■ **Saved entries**
(* If there exists a $1$-perfect code in $H(q+1,q)$, then the vertex set of $H(q,q)$ can be partitioned into distance-$2$ MDS codes $M^0,\dots,M^{q-1}$ such that each $M^i$ is a union of $q$ pairwise disjoint distance-$3$ MDS codes.
   Context: The Hamming graph $H(n,q)$ has vertex set $\mathbb{Z}_q^n$ with the Hamming distance $d$ (number of differing coordinates); vertices at distance $1$ are adjacent. A distance-$d$ MDS code in $H(n,q)$ is a set of $q^{n-d+1}$ vertices with pairwise Hamming distance at least $d$. A $1$-perfect code in $H(n,q)$ is a set $C$ of vertices such that every ball $\{y: d(x,y)\le1\}$ contains exactly one element of $C$. *)

From mathcomp Require Import all_boot.
Set Implicit Arguments. Unset Strict Implicit. Unset Printing Implicit Defensive.

Definition vertex (n q : nat) := {ffun 'I_n -> 'I_q}.

Definition hdist (n q : nat) (x y : vertex n q) : nat := #|[set i | x i != y i]|.

Definition is_MDS_code (n q d : nat) (C : {set vertex n q}) : Prop :=
  #|C| = q ^ (n.+1 - d) /\
  (forall x y, x \in C -> y \in C -> x != y -> d <= hdist x y).

Definition is_1perfect_code (n q : nat) (C : {set vertex n q}) : Prop :=
  forall x : vertex n q, #|[set c in C | hdist x c <= 1]| = 1.

From mathcomp Require Import all_boot.
From mathcomp Require Import ssralg zmodp.
Set Implicit Arguments. Unset Strict Implicit. Unset Printing Implicit Defensive.
Import GRing.Theory.

(* A 1-perfect code C in H(q+1,q) has minimum distance 3, so two codewords
   agreeing outside two coordinates are equal; conversely a counting argument
   shows that every word agrees with some codeword outside any two given
   coordinates.  Hence puncturing the last coordinate of C gives a distance-2
   code of size q^(q-1) in H(q,q), whose q translates along the first
   coordinate partition H(q,q); grouping the codewords by their last
   coordinate splits each translate into q punctured shortened codes of
   distance 3. *)

Definition upd n q (x : vertex n q) (i : 'I_n) (v : 'I_q) : vertex n q :=
  [ffun k => if k == i then v else x k].

Section Hamming.
Variables n q : nat.
Implicit Types (x y c : vertex n q) (C : {set vertex n q}).

Lemma hdist_sum x y : hdist x y = \sum_i (x i != y i).
Proof.
rewrite /hdist -sum1_card big_mkcond /=; apply: eq_bigr => i _.
by rewrite inE; case: (x i != y i).
Qed.

Lemma hdist_le_card x y (S : {set 'I_n}) :
  (forall k, k \notin S -> x k = y k) -> hdist x y <= #|S|.
Proof.
move=> xy; apply: subset_leq_card; apply/subsetP => k; rewrite inE.
by apply: contraR => /xy ->.
Qed.

Lemma hdist_le2 x y a b :
  (forall k, k != a -> k != b -> x k = y k) -> hdist x y <= 2.
Proof.
move=> xy; apply: leq_trans (hdist_le_card (S := [set a; b]) _) _.
  by move=> k; rewrite !inE negb_or => /andP[]; apply: xy.
by rewrite cards2; case: (a != b).
Qed.

Lemma hdist_le1_agree x y i k : hdist x y <= 1 -> x i != y i -> k != i -> x k = y k.
Proof.
move=> d1 xyi ki; apply/eqP; apply: contraTT d1 => xyk; rewrite -ltnNge.
apply: leq_trans (_ : #|[set i; k]| <= _); first by rewrite cards2 eq_sym ki.
by apply: subset_leq_card; apply/subsetP => j; rewrite !inE => /orP[]/eqP->.
Qed.

Lemma hdist_upd x i v : hdist (upd x i v) x <= 1.
Proof.
rewrite -(cards1 i); apply: hdist_le_card => k; rewrite inE ffunE.
by move/negPf->.
Qed.

Lemma perfect_code_near C x : is_1perfect_code C -> exists2 c, c \in C & hdist x c <= 1.
Proof.
move=> /(_ x)/eqP/cards1P[c Ec].
by have := set11 c; rewrite -Ec inE => /andP[]; exists c.
Qed.

Lemma perfect_code_dist3 C : is_1perfect_code C ->
  forall c c', c \in C -> c' \in C -> c != c' -> 3 <= hdist c c'.
Proof.
move=> HC c c' Cc Cc' cc'; rewrite leqNgt; apply/negP => d2.
have [i ci] : exists i, c i != c' i.
  apply/existsP; apply: contraR cc' => /existsPn eqc.
  by apply/eqP/ffunP => i; apply/eqP/negPn.
pose x := upd c i (c' i).
have xc' : hdist x c' <= 1.
  rewrite (leq_trans _ (_ : #|[set k | c k != c' k] :\ i| <= 1)) //.
    apply: hdist_le_card => k; rewrite !inE ffunE negb_and negbK.
    by case: eqP => [->|_ /negPn/eqP].
  by move: d2; rewrite /hdist (cardsD1 i) inE ci.
suff : #|[set c; c']| <= #|[set c0 in C | hdist x c0 <= 1]| by rewrite HC cards2 cc'.
apply/subset_leq_card/subsetP => k; rewrite !inE.
by case/orP => /eqP->; rewrite ?Cc ?Cc' ?xc' ?hdist_upd.
Qed.

Lemma card_pairs_off2 (a b : 'I_n) (z : vertex n q) : a != b ->
  #|[set p : 'I_n * 'I_q | [&& p.1 != a, p.1 != b & p.2 != z p.1]]| = (n - 2) * q.-1.
Proof.
move=> ab.
have -> : #|[set p : 'I_n * 'I_q | [&& p.1 != a, p.1 != b & p.2 != z p.1]]| =
    \sum_(i | (i != a) && (i != b)) \sum_(x | x != z i) 1.
  by rewrite pair_big_dep -sum1_card; apply: eq_bigl => -[i x]; rewrite inE andbA.
rewrite (eq_bigr (fun=> q.-1)) => [|i _]; last first.
  by rewrite sum1_card cardC1 card_ord.
rewrite sum_nat_const; congr (_ * _).
have := cardsD1 b [set~ a]; rewrite cardsC1 card_ord !inE eq_sym ab add1n.
move=> /(congr1 predn) /=; rewrite -subn2 => ->.
by apply: eq_card => i; rewrite !inE andbC.
Qed.

Lemma perfect_code_cover C (a b : 'I_n) (z : vertex n q) :
  is_1perfect_code C -> a != b -> (n - 2) * q.-1 < q * q ->
  exists2 c, c \in C & forall k, k != a -> k != b -> c k = z k.
Proof.
move=> HC ab small; have dist3 := perfect_code_dist3 HC.
(* Otherwise, for each (u,v) the codeword nearest to z with coordinates a, b
   set to u, v differs from that word in exactly one coordinate i outside
   {a,b}; (u,v) |-> (i, value at i) is then injective, but it has only
   (n-2)(q-1) possible values. *)
case: (boolP [exists c in C, [forall k, (k != a) ==> (k != b) ==> (c k == z k)]]).
  case/exists_inP => c Cc /forallP cz; exists c => // k ka kb.
  by apply/eqP; move: (cz k); rewrite ka kb.
move/exists_inPn => none; exfalso.
pose w (uv : 'I_q * 'I_q) := upd (upd z a uv.1) b uv.2.
have wz uv k : k != a -> k != b -> w uv k = z k.
  by rewrite !ffunE => /negPf-> /negPf->.
have /fin_all_exists2[f fC fw] := fun uv => perfect_code_near (w uv) HC.
have /fin_all_exists[i iP] : forall uv, exists k, [&& k != a, k != b & f uv k != z k].
  by move=> uv; have /forallPn[k] := none _ (fC uv); rewrite !negb_imply; exists k.
have f_agree uv k : k != i uv -> f uv k = w uv k.
  case/and3P: (iP uv) => ia ib fz ki; symmetry.
  by apply: (hdist_le1_agree (fw uv)) ki; rewrite wz // eq_sym.
have f_ab uv : f uv a = uv.1 /\ f uv b = uv.2.
  case/and3P: (iP uv) => ia ib _.
  by rewrite !f_agree 1?eq_sym // !ffunE eqxx (negPf ab) eqxx.
pose g uv := (i uv, f uv (i uv)).
have g_inj : injective g.
  move=> uv uv' [ii' fi'].
  have le2 : hdist (f uv) (f uv') <= 2.
    apply: (hdist_le2 (a := a) (b := b)) => k ka kb.
    case: (eqVneq k (i uv)) => [->|ki]; first by rewrite fi' ii'.
    by rewrite !f_agree -?ii' // !wz.
  have ff : f uv = f uv'.
    apply/eqP; apply: contraT => ne.
    by have := dist3 _ _ (fC uv) (fC uv') ne; rewrite leqNgt ltnS le2.
  move: (f_ab uv) (f_ab uv'); rewrite ff => -[ea eb] [ea' eb'].
  by apply: injective_projections; congruence.
have sub : g @: [set: 'I_q * 'I_q] \subset
    [set p : 'I_n * 'I_q | [&& p.1 != a, p.1 != b & p.2 != z p.1]].
  by apply/subsetP => _ /imsetP[uv _ ->]; rewrite inE iP.
have := subset_leq_card sub.
by rewrite card_imset // cardsT card_prod card_ord card_pairs_off2 // leqNgt small.
Qed.
End Hamming.

Definition puncture n q (x : vertex n.+1 q) : vertex n q :=
  [ffun k => x (widen_ord (leqnSn n) k)].

Definition shift0 n q (i : 'I_q.+1) (y : vertex n.+1 q.+1) : vertex n.+1 q.+1 :=
  upd y ord0 (y ord0 + i)%R.

Lemma widen_neq_max n (k : 'I_n) : widen_ord (leqnSn n) k != ord_max.
Proof. by rewrite -(inj_eq val_inj) /= neq_ltn ltn_ord. Qed.

Lemma inord_widen n (k : 'I_n.+1) : inord (widen_ord (leqnSn n.+1) k) = k.
Proof. by apply: val_inj; rewrite /= inordK. Qed.

Lemma hdist_xx n q (x : vertex n q) : hdist x x = 0.
Proof. by rewrite hdist_sum big1 // => i _; rewrite eqxx. Qed.

Lemma hdist_puncture n q (x y : vertex n.+1 q) :
  hdist x y = hdist (puncture x) (puncture y) + (x ord_max != y ord_max).
Proof.
rewrite !hdist_sum big_ord_recr; congr (_ + _).
by apply: eq_bigr => k _; rewrite !ffunE.
Qed.

Lemma hdist_shift0 n q (i : 'I_q.+1) (x y : vertex n.+1 q.+1) :
  hdist (shift0 i x) (shift0 i y) = hdist x y.
Proof.
rewrite !hdist_sum; apply: eq_bigr => k _; rewrite !ffunE.
by case: ifP => [/eqP->|//]; rewrite (inj_eq (addIr i)).
Qed.

Lemma shift0_inj n q (i : 'I_q.+1) : injective (@shift0 n q i).
Proof.
move=> x y /ffunP exy; apply/ffunP => k; have := exy k; rewrite !ffunE.
by case: ifP => [/eqP-> /addIr|].
Qed.

Lemma card_bigcup_disjoint (T I : finType) (F : I -> {set T}) :
  (forall i j, i != j -> [disjoint F i & F j]) -> #|\bigcup_i F i| = \sum_i #|F i|.
Proof.
move=> disjF; rewrite -sum1_card partition_disjoint_bigcup //.
by apply: eq_bigr => i _; rewrite sum1_card.
Qed.

Lemma mulnI_expn_pred m x : m.+1 * x = m.+1 ^ m -> x = m.+1 ^ m.-1.
Proof.
case: m => [|m]; first by rewrite mul1n.
by rewrite expnS => /eqP; rewrite eqn_pmul2l // => /eqP.
Qed.

Section PerfectCode.
Variables (p : nat) (C : {set vertex p.+2 p.+1}).
Hypothesis HC : is_1perfect_code C.

Let dist3 := perfect_code_dist3 HC.

Lemma code_cover (a b : 'I_p.+2) (z : vertex p.+2 p.+1) : a != b ->
  exists2 c, c \in C & forall k, k != a -> k != b -> c k = z k.
Proof.
by move=> ab; apply: perfect_code_cover HC ab _; rewrite subSS subSS subn0 ltn_mul.
Qed.

Lemma codeword_eq c c' : c \in C -> c' \in C -> hdist c c' <= 2 -> c = c'.
Proof.
move=> Cc Cc' d2; apply/eqP; apply: contraT => ne.
by have := dist3 Cc Cc' ne; rewrite leqNgt ltnS d2.
Qed.

Lemma codeword_eq_puncture c c' : c \in C -> c' \in C ->
  hdist (puncture c) (puncture c') <= 1 -> c = c'.
Proof.
move=> Cc Cc' d1; apply: codeword_eq => //; rewrite hdist_puncture.
by apply: leq_add d1 _; case: (_ != _).
Qed.

Definition shifted_punctured i := [set shift0 i (puncture c) | c in C].
Definition last_fibre j := [set c in C | c ord_max == j].
Definition shifted_shortened i j := [set shift0 i (puncture c) | c in last_fibre j].

Lemma shift0_puncture_inj (i : 'I_p.+1) :
  {in C &, injective (fun c => shift0 i (puncture c))}.
Proof.
move=> c c' Cc Cc' /shift0_inj pcc'; apply: codeword_eq_puncture => //.
by rewrite pcc' hdist_xx.
Qed.

Lemma card_shifted_punctured i : #|shifted_punctured i| = #|C|.
Proof. exact: card_in_imset (@shift0_puncture_inj i). Qed.

Lemma shifted_punctured_disjoint i j : i != j ->
  [disjoint shifted_punctured i & shifted_punctured j].
Proof.
rewrite -setI_eq0; apply: contraR => /set0Pn[_ /setIP[/imsetP[c Cc ->]]].
case/imsetP=> c' Cc' e.
have cc' : c = c'.
  apply: codeword_eq_puncture => //; rewrite -(cards1 (ord0 : 'I_p.+1)).
  apply: hdist_le_card => k; rewrite inE => k0.
  by have := congr1 (fun y : vertex p.+1 p.+1 => y k) e; rewrite !ffunE (negPf k0).
have := congr1 (fun y : vertex p.+1 p.+1 => y ord0) e.
by rewrite !ffunE eqxx cc' => /addrI->.
Qed.

Lemma shifted_punctured_cover :
  \bigcup_(i < p.+1) shifted_punctured i = [set: vertex p.+1 p.+1].
Proof.
apply/setP => y; rewrite inE; apply/bigcupP.
have [c Cc cy] := @code_cover ord0 ord_max [ffun k : 'I_p.+2 => y (inord k)] isT.
exists (y ord0 - puncture c ord0)%R => //; apply/imsetP; exists c => //.
apply/ffunP => k; rewrite !ffunE.
case: eqP => [->|/eqP k0]; first by rewrite addrC subrK.
by rewrite cy ?widen_neq_max // ffunE inord_widen.
Qed.

Lemma card_code : #|C| = p.+1 ^ p.
Proof.
have := card_bigcup_disjoint shifted_punctured_disjoint.
rewrite shifted_punctured_cover cardsT card_ffun !card_ord.
under eq_bigr do rewrite card_shifted_punctured.
by rewrite sum_nat_const card_ord expnS => /eqP; rewrite eqn_pmul2l // => /eqP.
Qed.

Lemma shifted_punctured_dist i x y : x \in shifted_punctured i ->
  y \in shifted_punctured i -> x != y -> 2 <= hdist x y.
Proof.
move=> /imsetP[c Cc ->] /imsetP[c' Cc' ->] ne.
have cc' : c != c' by apply: contraNneq ne => ->.
have := dist3 Cc Cc' cc'; rewrite hdist_shift0 hdist_puncture.
by case: (_ != _); rewrite ?addn1 ?addn0 // => /ltnW.
Qed.

Lemma shifted_shortened_dist i j x y : x \in shifted_shortened i j ->
  y \in shifted_shortened i j -> x != y -> 3 <= hdist x y.
Proof.
move=> /imsetP[c /setIdP[Cc /eqP cj] ->] /imsetP[c' /setIdP[Cc' /eqP c'j] ->] ne.
have cc' : c != c' by apply: contraNneq ne => ->.
by have := dist3 Cc Cc' cc'; rewrite hdist_shift0 hdist_puncture cj c'j eqxx addn0.
Qed.

Lemma shifted_shortened_disjoint i j j' : j != j' ->
  [disjoint shifted_shortened i j & shifted_shortened i j'].
Proof.
rewrite -setI_eq0; apply: contraR.
move=> /set0Pn[_ /setIP[]] /imsetP[c /setIdP[Cc /eqP cj] ->].
case/imsetP=> c' /setIdP[Cc' /eqP c'j] e.
by rewrite -cj -c'j (shift0_puncture_inj Cc Cc' e).
Qed.

Lemma shifted_punctured_bigcup i :
  shifted_punctured i = \bigcup_(j < p.+1) shifted_shortened i j.
Proof.
apply/setP => x; apply/imsetP/bigcupP => [[c Cc ->]|[j _ /imsetP[c /setIdP[Cc _] ->]]].
  by exists (c ord_max) => //; apply: imset_f; rewrite inE Cc /=.
by exists c.
Qed.

Lemma card_shifted_shortened i j : #|shifted_shortened i j| = #|last_fibre j|.
Proof.
apply: card_in_imset => c c' /setIdP[Cc _] /setIdP[Cc' _].
exact: shift0_puncture_inj.
Qed.

Lemma card_last_fibre_le (b : 'I_p.+2) j j' : ord0 != b -> b != ord_max ->
  #|last_fibre j| <= #|last_fibre j'|.
Proof.
move=> b0 bmax.
have /fin_all_exists2[f fC f_agree] := fun c => code_cover (upd c ord_max j') b0.
have f_inj : {in last_fibre j &, injective f}.
  move=> c c' /setIdP[Cc /eqP cj] /setIdP[Cc' /eqP c'j] e.
  apply: codeword_eq => //; apply: (hdist_le2 (a := ord0) (b := b)) => k k0 kb.
  case: (eqVneq k ord_max) => [->|kmax]; first by rewrite cj c'j.
  by have := f_agree c k k0 kb; rewrite e f_agree // !ffunE (negPf kmax).
rewrite -(card_in_imset f_inj); apply/subset_leq_card/subsetP => _ /imsetP[c _ ->].
by apply/setIdP; rewrite fC f_agree 1?eq_sym // ffunE eqxx.
Qed.

Lemma card_last_fibre j : #|last_fibre j| = p.+1 ^ p.-1.
Proof.
have fibres_eq j' : #|last_fibre j'| = #|last_fibre j|.
  have [p0|p_gt0] := posnP p.
    suff -> : j' = j by [].
    apply: val_inj; move: (ltn_ord j) (ltn_ord j') => /=.
    move: (nat_of_ord j) (nat_of_ord j'); rewrite p0 => a b.
    by rewrite !ltnS !leqn0 => /eqP-> /eqP->.
  have b0 : ord0 != inord 1 :> 'I_p.+2 by rewrite -(inj_eq val_inj) /= inordK.
  have bmax : inord 1 != ord_max :> 'I_p.+2.
    by rewrite -(inj_eq val_inj) /= inordK // eqSS eq_sym -lt0n.
  by apply/eqP; rewrite eqn_leq !(card_last_fibre_le _ _ b0 bmax).
apply: mulnI_expn_pred; rewrite -card_code -[#|C|]sum1_card.
rewrite (partition_big (fun c : vertex p.+2 p.+1 => c ord_max) predT) //=.
rewrite (eq_bigr (fun=> #|last_fibre j|)) => [|j' _].
  by rewrite sum_nat_const card_ord.
by rewrite -(fibres_eq j') -sum1_card; apply: eq_bigl => c; rewrite inE.
Qed.

End PerfectCode.

Theorem proposition8 (q : nat) (hq : 0 < q) :
  (exists C : {set vertex q.+1 q}, is_1perfect_code C) ->
  exists M : 'I_q -> {set vertex q q},
    (forall i j, i != j -> [disjoint M i & M j]) /\
    (\bigcup_(i < q) M i = [set: vertex q q]) /\
    (forall i, is_MDS_code 2 (M i)) /\
    (forall i, exists N : 'I_q -> {set vertex q q},
       (forall j, is_MDS_code 3 (N j)) /\
       (forall j k, j != k -> [disjoint N j & N k]) /\
       M i = \bigcup_(j < q) N j).
Proof.
case: q hq => [//|p] _ [C HC].
exists (shifted_punctured C); split; first exact: (shifted_punctured_disjoint HC).
split; first exact: (shifted_punctured_cover HC).
split=> i.
  split=> [|x y]; last exact: (shifted_punctured_dist HC).
  by rewrite (card_shifted_punctured HC) (card_code HC) subSS subSS subn0.
exists (shifted_shortened C i); split; last split.
- move=> j; split=> [|x y]; last exact: (shifted_shortened_dist HC).
  by rewrite (card_shifted_shortened HC) (card_last_fibre HC) !subSS subn1.
- exact: (shifted_shortened_disjoint HC).
- exact: shifted_punctured_bigcup.
Qed.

■ **Task details**
Lines containing the word "suff": copy every one of them from the records above.

■ **Solution for this problem**
suff : #|[set c; c']| <= #|[set c0 in C | hdist x c0 <= 1]| by rewrite HC cards2 cc'.
    suff -> : j' = j by [].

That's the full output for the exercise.